You are right. Behind the numbers are different applications. I switched the names to numbers because i wanted to adapt the data to the sample data given in Old Examples(2015 and before)/002_DataMining/002002_NeuralNetwork as good as possible and test it with my data. It wasn’t the best idea, as I learned.
As a next step i think i look first into novelty detection. I found some papers about this topic at the moment I read some of them. Is it possible in Knime to create a neural network which is able to do novelty detection?
This evening I played a litte bit around searching for “novelty detection” in Knime. I found the KNFST Learner/Novelty Scorer. Where I was able to produce some plausible results (for me). But it is not a neural network
It sounds like you have categories of users.
An ID sort of also categorizes your users but no model can generalize from that because each category contains only a single user.
Which brings me to another question: How much data do you have? Because for deep learning you usually need a lot of data to make it work properly.
There are actually multiple possible ways to build such an autoencoder in KNIME.
You can use either the H2O, DL4J or Keras integration but I believe H2O is best suited for you, as they do exactly what you want to do.

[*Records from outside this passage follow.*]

Lemma card_regular (R : realType) d k (P : {ffun 'I_d -> bool} -> bool) :
  k%:R = d%:R / 4 :> R ->
  #|[set a | @regular R d a && P a]| = #|[set S : {set 'I_d} | (#|S| == k) && P (neg_point S)]|.
Proof.
move=> k_quarter; rewrite -(card_imset _ (@neg_point_inj d)).
apply: eq_card => a; rewrite inE; apply/idP/imsetP.
- move=> /andP [reg_a Pa].
  have negsK : neg_point [set i | ~~ a i] = a by apply/ffunP => i; rewrite ffunE inE negbK.
  by exists [set i | ~~ a i]; rewrite // inE -(regular_neg_point _ k_quarter) negsK reg_a.
- by case=> S; rewrite inE => /andP [cardS PS] ->; rewrite (regular_neg_point _ k_quarter) cardS.
Qed.

Lemma dotp_neg_point (R : realType) d (S : {set 'I_d}) (b : {ffun 'I_d -> bool}) :
  (0 < d)%N ->
  @dotp R d (neg_point S) b = (d%:R - 2 * #|S|%:R - 2 * #|[set i | ~~ b i]|%:R
                               + 4 * #|S :&: [set i | ~~ b i]|%:R) / d%:R.
Proof.
move=> d_gt0.
have sqrt_d : Num.sqrt d%:R ^+ 2 = d%:R :> R by rewrite sqr_sqrtr.
have sqrt_d_neq0 : Num.sqrt d%:R != 0 :> R by rewrite sqrtr_eq0 -ltNge ltr0n.
have sum_indicator (A : {set 'I_d}) : \sum_(i < d) (i \in A)%:R = #|A|%:R :> R.
  rewrite -sum1_card natr_sum [RHS]big_mkcond /=.
  by apply: eq_bigr => i _; case: (i \in A).
rewrite /dotp (eq_bigr (fun i => (1 - 2 * (i \in S)%:R - 2 * (i \in [set i | ~~ b i])%:R
                                  + 4 * (i \in S :&: [set i | ~~ b i])%:R) / d%:R)).
  rewrite -big_distrl /= !big_split /= !sumrN -!big_distrr /= !sum_indicator.
  by rewrite sumr_const card_ord.
move=> i _; rewrite /Defs.coord /neg_point ffunE !inE.
set r := Num.sqrt d%:R in sqrt_d sqrt_d_neq0 *.
by case: (i \in S); case: (b i); rewrite /= ?mulr1n ?mulr0n -sqrt_d; field.
Qed.

Lemma prob_regular_le (R : realType) d k (B : {set 'I_d}) (P : {ffun 'I_d -> bool} -> bool)
    (l z : R) :
  (0 < d)%N -> k%:R = d%:R / 4 :> R -> 0 <= l <= 3/8 ->
  (forall S : {set 'I_d}, #|S| == k -> P (neg_point S) -> z <= #|S :&: B|%:R) ->
  @prob_regular R d P <= expR (d%:R / 4 * (#|B|%:R / d%:R * l + 43/100 * l ^+ 2) - l * z).
Proof.
move=> d_gt0 k_quarter l01 tail.
have T_gt0 : (0 < #|'I_d|)%N by rewrite card_ord.
have := card_setI_tail_le l01 T_gt0 tail; rewrite card_ord k_quarter => count_le.
have all_regular : #|[set a | @regular R d a]| = 'C(d, k).
  transitivity #|[set a | @regular R d a && true]|.
    by apply: eq_card => a; rewrite !inE andbT.
  rewrite (card_regular _ k_quarter) -[X in 'C(X, k)](card_ord d) -card_draws.
  by apply: eq_card => S; rewrite !inE andbT.
rewrite /prob_regular all_regular (card_regular _ k_quarter).
have le_kd : (k <= d)%N by rewrite -(ler_nat R) k_quarter; have := ler0n R d; lra.
by rewrite ler_pdivrMr ?ltr0n ?bin_gt0 // mulrC.
Qed.

(* [expR (3/20) <= 20/17] from [1 - 3/20 <= expR (-3/20)], then raise to the 4th power. *)
Lemma ln2_ge (R : realType) : 3/5 <= ln (2 : R).
Proof.
have e_gt0 : 0 < expR (3/20) :> R by exact: expR_gt0.
have e_le : expR (3/20) * (17/20) <= 1 :> R.
  have := ler_wpM2l (ltW e_gt0) (expR_ge1Dx (- (3/20) : R)).
  rewrite expRxMexpNx_1; lra.
have : expR (3/5) <= 2 :> R.
  have -> : (3/5 : R) = 4%:R * (3/20) by rewrite -[4%:R]/(4 : R); field.
  rewrite expRM_natl; set x := expR (3/20) in e_gt0 e_le *.
  have x_le : x <= 20/17 by lra.
  have x2_le : x ^+ 2 <= 400/289 by rewrite expr2; nra.
  have -> : x ^+ 4 = x ^+ 2 * x ^+ 2 by rewrite -exprD.
  have := sqr_ge0 x; nra.
by rewrite -ler_ln ?posrE ?expR_gt0 // expRK.
Qed.

Lemma ln_nat_eq0_or_ge (R : realType) n : (0 < n)%N ->
  ln (n%:R : R) = 0 \/ 3/5 <= ln (n%:R : R).
Proof.
case: n => // -[|n] _; first by left; rewrite ln1.
right; apply: (le_trans (ln2_ge R)).
by rewrite ler_ln ?posrE ?ltr0n // -[2]/(2%:R : R) ler_nat.
Qed.
Fixpoint derivative (e : Exp) (a : atom T) : meas :=
  match e with
  | ETest b => if atom_le a b then [:: (Acc, 1)] else [:: (Rej, 1)]
  | ERet v => [:: (DOut v, 1)]
  | EAct p => [:: (DAct p (ETest (BTrue T)), 1)]
  | EGuard e1 b e2 => if atom_le a b then derivative e1 a else derivative e2 a
  | EWsum e1 r s e2 => mscale r (derivative e1 a) ++ mscale s (derivative e2 a)
  | ESeq e1 e2 =>
      flatten [seq match p.1 with
                   | Acc => mscale p.2 (derivative e2 a)
                   | DAct q e' => [:: (DAct q (ESeq e' e2), p.2)]
                   | x => [:: (x, p.2)]
                   end | p <- derivative e1 a]
  | ELoop e1 b =>
      if atom_le a (BNeg b) then [:: (Acc, 1)]
      else
        let m := derivative e1 a in
        flatten [seq match p.1 with
                     | Acc => [::]
                     | DAct q e' => [:: (DAct q (ESeq e' (ELoop e1 b)), star (mval m Acc) * p.2)]
                     | x => [:: (x, star (mval m Acc) * p.2)]
                     end | p <- m]
  end.

Fixpoint Eps (e : Exp) (a : atom T) : S :=
  match e with
  | EAct _ => 0
  | ERet _ => 0
  | ETest b => if atom_le a b then 1 else 0
  | EWsum e1 r s e2 => r * Eps e1 a + s * Eps e2 a
  | EGuard e1 b e2 => if atom_le a b then Eps e1 a else Eps e2 a
  | ESeq e1 e2 => Eps e1 a * Eps e2 a
  | ELoop e1 b => if atom_le a (BNeg b) then 1 else 0
  end.

Definition odot (r : S) : Exp := EWsum (ETest (BTrue T)) r 0 (ETest (BFalse T)).

Fixpoint GS (l : seq (atom T)) (F : atom T -> Exp) : Exp :=
  match l with
  | [::] => ETest (BFalse T)
  | g :: l' => EGuard (F g) (atom_test g) (GS l' F)
  end.

Fixpoint WS (l : seq (S * Exp)) : Exp :=
  match l with
  | [::] => odot 0
  | (r, e) :: l' => EWsum e r 1 (WS l')
  end.

Definition expd (x : Deriv) : Exp :=
  match x with
  | Acc => ETest (BTrue T)
  | Rej => ETest (BFalse T)
  | DOut v => ERet v
  | DAct p f => ESeq (EAct p) f
  end.

Inductive gequiv : Exp -> Exp -> Prop :=
| eq_refl e : gequiv e e
| eq_sym e f : gequiv e f -> gequiv f e
| eq_trans e f g : gequiv e f -> gequiv f g -> gequiv e g
| eq_test b c : BA_equiv b c -> gequiv (ETest b) (ETest c)
| eq_guard e e' b b' f f' : gequiv e e' -> BA_equiv b b' -> gequiv f f' ->
    gequiv (EGuard e b f) (EGuard e' b' f')
| eq_seq e e' f f' : gequiv e e' -> gequiv f f' -> gequiv (ESeq e f) (ESeq e' f')
| eq_loop e e' b b' : gequiv e e' -> BA_equiv b b' -> gequiv (ELoop e b) (ELoop e' b')
| eq_wsum e e' r s f f' : gequiv e e' -> gequiv f f' ->
    gequiv (EWsum e r s f) (EWsum e' r s f')
| ax_G1 e b : gequiv (EGuard e b e) e
| ax_G2 e b f : gequiv (EGuard e b f) (EGuard (ESeq (ETest b) e) b f)
| ax_G3 e b f : gequiv (EGuard e b f) (EGuard f (BNeg b) e)
| ax_G4 e f g b c : gequiv (EGuard (EGuard e b f) c g) (EGuard e (BAnd b c) (EGuard f c g))
| ax_D1 e f g b r s :
    gequiv (EWsum e r s (EGuard f b g)) (EGuard (EWsum e r s f) b (EWsum e r s g))
| ax_D2 e f g r s t u :
    gequiv (EWsum e r s (EWsum f t u g)) (EWsum e r 1 (EWsum f (s * t) (s * u) g))
| ax_D3 b e f r s :
    gequiv (ESeq (ETest b) (EWsum e r s f))
          (ESeq (ETest b) (EWsum (ESeq (ETest b) e) r s (ESeq (ETest b) f)))
| ax_S1l e : gequiv (ESeq (ETest (BTrue T)) e) e
| ax_S1r e : gequiv e (ESeq e (ETest (BTrue T)))
| ax_S2 e f g : gequiv (ESeq (ESeq e f) g) (ESeq e (ESeq f g))
| ax_S3 e : gequiv (ESeq (ETest (BFalse T)) e) (ETest (BFalse T))
| ax_S4 e f g r s : gequiv (ESeq (EWsum e r s f) g) (EWsum (ESeq e g) r s (ESeq f g))
| ax_S5 e f g b : gequiv (ESeq (EGuard e b f) g) (EGuard (ESeq e g) b (ESeq f g))
| ax_S6 v e : gequiv (ESeq (ERet v) e) (ERet v)
| ax_S7 b c : gequiv (ESeq (ETest b) (ETest c)) (ETest (BAnd b c))
| ax_L1 e b : gequiv (ELoop e b) (EGuard (ESeq e (ELoop e b)) b (ETest (BTrue T)))
| ax_C1 : gequiv (odot 1) (ETest (BTrue T))
| ax_C2 e : gequiv (ESeq (odot 0) e) (odot 0)
| ax_W1 e r s : gequiv (EWsum e r s e) (ESeq (odot (r + s)) e)
| ax_W2 e f r s : gequiv (EWsum e r s f) (EWsum f s r e)
| ax_W3 e f g r s t u :
    gequiv (EWsum e r s (EWsum f t u g)) (EWsum (EWsum e r (s * t) f) 1 (s * u) g)
| ax_W4 e f r s u : gequiv (EWsum e (r * u) s f) (EWsum (ESeq (odot u) e) r s f)
| rule_L2 e f g b c r s :
    gequiv e (EGuard (EWsum f r s (ETest (BTrue T))) c g) ->
    gequiv (ESeq (ETest c) (ELoop e b))
          (ESeq (ETest c) (EGuard (ESeq (odot (star s * r)) (ESeq f (ELoop e b)))
                                  b (ETest (BTrue T))))
| rule_F1 e f g b :
    gequiv g (EGuard (ESeq e g) b f) -> (forall a : atom T, Eps e a = 0) ->
    gequiv g (ESeq (ELoop e b) f).

End Exprs.

(* Under the test of a single atom α, every expression is equivalent to the
   weighted sum of its derivative: α;e ≡ α;⊕_d ∂(e)_α(d)·exp(d), by induction
   on e.  For e;f the weighted sum is pushed through the sequencing and the
   accepting summand is replaced by the expansion of f.  For e^(b) the
   accepting weight s = ∂(e)_α(acc) is split off, e ≡ (g ⊕_{1,s} 1) +_α e with
   g the sum of the other summands, and rule (L2) yields the factor s^*.
   Weighted sums are compared through the total weight they give to each
   point, so order and repetition of summands are irrelevant.  Equivalence
   under every atom is equivalence, and under α the guarded sum reduces to its
   α-summand. *)

From Pilot Require Import Defs.
From HB Require Import structures.
From mathcomp Require Import all_boot all_order all_algebra.
From Stdlib Require Import Setoid Morphisms.
Set Implicit Arguments. Unset Strict Implicit. Unset Printing Implicit Defensive.
Import GRing.Theory.
Local Open Scope ring_scope.

#[export] Instance BA_equiv_Equivalence (T : finType) : Equivalence (@BA_equiv T).
Proof. by split=> [b a | b c bc a | b c d bc cd a]; rewrite ?bc ?cd. Qed.

Section Congruence.
Variables (T : finType) (Act Out : eqType) (S : pzSemiRingType) (star : S -> S).
Local Notation equiv := (@gequiv T Act Out S star).

#[export] Instance gequiv_Equivalence : Equivalence equiv.
Proof. by split; [exact: Defs.eq_refl | exact: Defs.eq_sym | exact: Defs.eq_trans]. Qed.

#[export] Instance ETest_proper : Proper (@BA_equiv T ==> equiv) (@ETest T Act Out S).
Proof. by move=> b c; apply: eq_test. Qed.

#[export] Instance ESeq_proper : Proper (equiv ==> equiv ==> equiv) (@ESeq T Act Out S).
Proof. by move=> e e' ee' f f' ff'; apply: eq_seq. Qed.

#[export] Instance EGuard_proper :
  Proper (equiv ==> @BA_equiv T ==> equiv ==> equiv) (@EGuard T Act Out S).
Proof. by move=> e e' ee' b b' bb' f f' ff'; apply: eq_guard. Qed.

If you need more options to play around with, DL4J and Keras are the way to go but you will need a lot more knowledge of deep learning.
That is correct, the KNFST algorithm learns to map all instances of a class to a single point in a high dimensional space.
New datapoints are then mapped and the distance to the class representatives gives you an indication of its novelty.
It works pretty well if your dataset is rather small but it’s basically unusable for larger datasets because it will take ages to calculate.
However, you can use the Local Novelty Scorer in this case.
What would you suggest to solve these kind of problem? I have too little experience in ML at the moment.
I have access to different cluster with different quantity of jobs/users.
E.g. One cluster hast about 100+ users and 6000-7000 jobs a month. I 'am able to go back in the past to get more job data if necessary. If you think its too spare, I could use data from two or more cluster, so i think it would be enough. What do you mean?
So at the moment I’am looking into H20 hoping to get better result
this is by no means an easy task and I don’t know of any approaches using deep learning that go in this direction.
However, this is not my field of research and as M42 already pointed out, there is essentially some deep learning paper for any kind of problem. Still I would like to share some thoughts on the matter:
I see this problem as follows: You have different users and you have different behaviors.
A behavior is not necessary linked to a single user (although it might be in practice) because many users might behave the same (or a similar) way.
Your goal is to decide if a user’s behavior is acceptable for the respective user.
One way to model this in deep learning would be to create an embedding vector for all users (i.e. a relatively low dimensional space in which a user is represented by a unique vector) and learn a vector that describes a behavior. These two are then combined in order to decide if the behavior is acceptable for the given user.
If this really works, I guess there is some paper somewhere that already does something similar
Regarding your dataset: It might be enough but there is no way to tell unless you try it.